(* Let $G$ be a finite, connected, simple, bridgeless, triangle-free cubic graph, let $\Lambda$ be a valid labeling of $\mathfrak{L}_2(G)$ and let $\mathbb{X}\in\mathcal{X}$. Then: (a) if $\mathbb{X}$ contains an open edge of $\gamma_1$ and an open edge of $\gamma_2$ for two distinct cycles $\gamma_1,\gamma_2\in\Gamma_\Lambda$, then $\mathbb{X}$ is a Type B self-intersection with respect to $\mathcal{F}_{\mathbb{X}}(\Lambda)$; (b) if $\mathbb{X}$ is a Type B self-intersection with respect to $\Lambda$, then with respect to $\mathcal{F}_{\mathbb{X}}(\Lambda)$ the two open edges of $\mathbb{X}$ belong to two distinct (hence adjacent) cycles of $\Gamma_{\mathcal{F}_{\mathbb{X}}(\Lambda)}$; (c) if $\mathbb{X}$ is a Type A self-intersection with respect to $\Lambda$, then $\mathbb{X}$ is a Type A self-intersection with respect to $\mathcal{F}_{\mathbb{X}}(\Lambda)$.
   Context: $\mathcal{L}(H)$ is the line graph of $H$. Let $\mathcal{T}$ be the set of triangles of $\mathcal{L}(\mathcal{L}(G))$ formed by the three edges of a triangle of $\mathcal{L}(G)$. $\mathfrak{L}_2(G)$ has the vertex set of $\mathcal{L}(\mathcal{L}(G))$ and the edges of $\mathcal{L}(\mathcal{L}(G))$ not in any triangle of $\mathcal{T}$. For each edge $e$ of $G$, the reduced clique $\mathbb{X}_e$ is the subgraph of $\mathfrak{L}_2(G)$ on the four edges of $\mathcal{L}(G)$ incident to $e$, with all edges of $\mathfrak{L}_2(G)$ among them; it is a 4-cycle. $\mathcal{X}$ is the set of reduced cliques. A labeling $\Lambda$ gives each edge of $\mathfrak{L}_2(G)$ a label in $\{0,1\}$ ($1$ = open, $0$ = closed); it is valid if in every reduced clique each vertex is incident to two edges of that clique with different labels (so the open edges of each $\mathbb{X}$ form a perfect matching of the 4-cycle $\mathbb{X}$). $\Gamma_\Lambda$ is the set of connected components (cycles) of the subgraph formed by open edges. The label inversion $\mathcal{F}_{\mathbb{X}}(\Lambda)$ is the valid labeling obtained from $\Lambda$ by replacing $\lambda_f$ by $1-\lambda_f$ for every edge $f$ of $\mathbb{X}$ and leaving all other labels unchanged. $\mathbb{X}$ is a self-intersection of $\gamma\in\Gamma_\Lambda$ if both open edges of $\mathbb{X}$ lie on $\gamma$. Write $\mathbb{X}$ as the 4-cycle $(x_1,x_2,x_3,x_4)$ with open edges $x_1x_2$ and $x_3x_4$; deleting these two edges from $\gamma$ leaves two vertex-disjoint paths with endpoint set $\{x_1,x_2,x_3,x_4\}$. The self-intersection is of Type B if these paths connect $x_2$ with $x_3$ and $x_4$ with $x_1$, and of Type A if they connect $x_1$ with $x_3$ and $x_2$ with $x_4$. *)

From mathcomp Require Import all_boot.
Set Implicit Arguments. Unset Strict Implicit. Unset Printing Implicit Defensive.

--- Work to be completed ---
Write out all the data again, exactly as it appears.

--- The answer ---
(* Let $G$ be a finite, connected, simple, bridgeless, triangle-free cubic graph, let $\Lambda$ be a valid labeling of $\mathfrak{L}_2(G)$ and let $\mathbb{X}\in\mathcal{X}$. Then: (a) if $\mathbb{X}$ contains an open edge of $\gamma_1$ and an open edge of $\gamma_2$ for two distinct cycles $\gamma_1,\gamma_2\in\Gamma_\Lambda$, then $\mathbb{X}$ is a Type B self-intersection with respect to $\mathcal{F}_{\mathbb{X}}(\Lambda)$; (b) if $\mathbb{X}$ is a Type B self-intersection with respect to $\Lambda$, then with respect to $\mathcal{F}_{\mathbb{X}}(\Lambda)$ the two open edges of $\mathbb{X}$ belong to two distinct (hence adjacent) cycles of $\Gamma_{\mathcal{F}_{\mathbb{X}}(\Lambda)}$; (c) if $\mathbb{X}$ is a Type A self-intersection with respect to $\Lambda$, then $\mathbb{X}$ is a Type A self-intersection with respect to $\mathcal{F}_{\mathbb{X}}(\Lambda)$.
   Context: $\mathcal{L}(H)$ is the line graph of $H$. Let $\mathcal{T}$ be the set of triangles of $\mathcal{L}(\mathcal{L}(G))$ formed by the three edges of a triangle of $\mathcal{L}(G)$. $\mathfrak{L}_2(G)$ has the vertex set of $\mathcal{L}(\mathcal{L}(G))$ and the edges of $\mathcal{L}(\mathcal{L}(G))$ not in any triangle of $\mathcal{T}$. For each edge $e$ of $G$, the reduced clique $\mathbb{X}_e$ is the subgraph of $\mathfrak{L}_2(G)$ on the four edges of $\mathcal{L}(G)$ incident to $e$, with all edges of $\mathfrak{L}_2(G)$ among them; it is a 4-cycle. $\mathcal{X}$ is the set of reduced cliques. A labeling $\Lambda$ gives each edge of $\mathfrak{L}_2(G)$ a label in $\{0,1\}$ ($1$ = open, $0$ = closed); it is valid if in every reduced clique each vertex is incident to two edges of that clique with different labels (so the open edges of each $\mathbb{X}$ form a perfect matching of the 4-cycle $\mathbb{X}$). $\Gamma_\Lambda$ is the set of connected components (cycles) of the subgraph formed by open edges. The label inversion $\mathcal{F}_{\mathbb{X}}(\Lambda)$ is the valid labeling obtained from $\Lambda$ by replacing $\lambda_f$ by $1-\lambda_f$ for every edge $f$ of $\mathbb{X}$ and leaving all other labels unchanged. $\mathbb{X}$ is a self-intersection of $\gamma\in\Gamma_\Lambda$ if both open edges of $\mathbb{X}$ lie on $\gamma$. Write $\mathbb{X}$ as the 4-cycle $(x_1,x_2,x_3,x_4)$ with open edges $x_1x_2$ and $x_3x_4$; deleting these two edges from $\gamma$ leaves two vertex-disjoint paths with endpoint set $\{x_1,x_2,x_3,x_4\}$. The self-intersection is of Type B if these paths connect $x_2$ with $x_3$ and $x_4$ with $x_1$, and of Type A if they connect $x_1$ with $x_3$ and $x_2$ with $x_4$. *)

From mathcomp Require Import all_boot.
Set Implicit Arguments. Unset Strict Implicit. Unset Printing Implicit Defensive.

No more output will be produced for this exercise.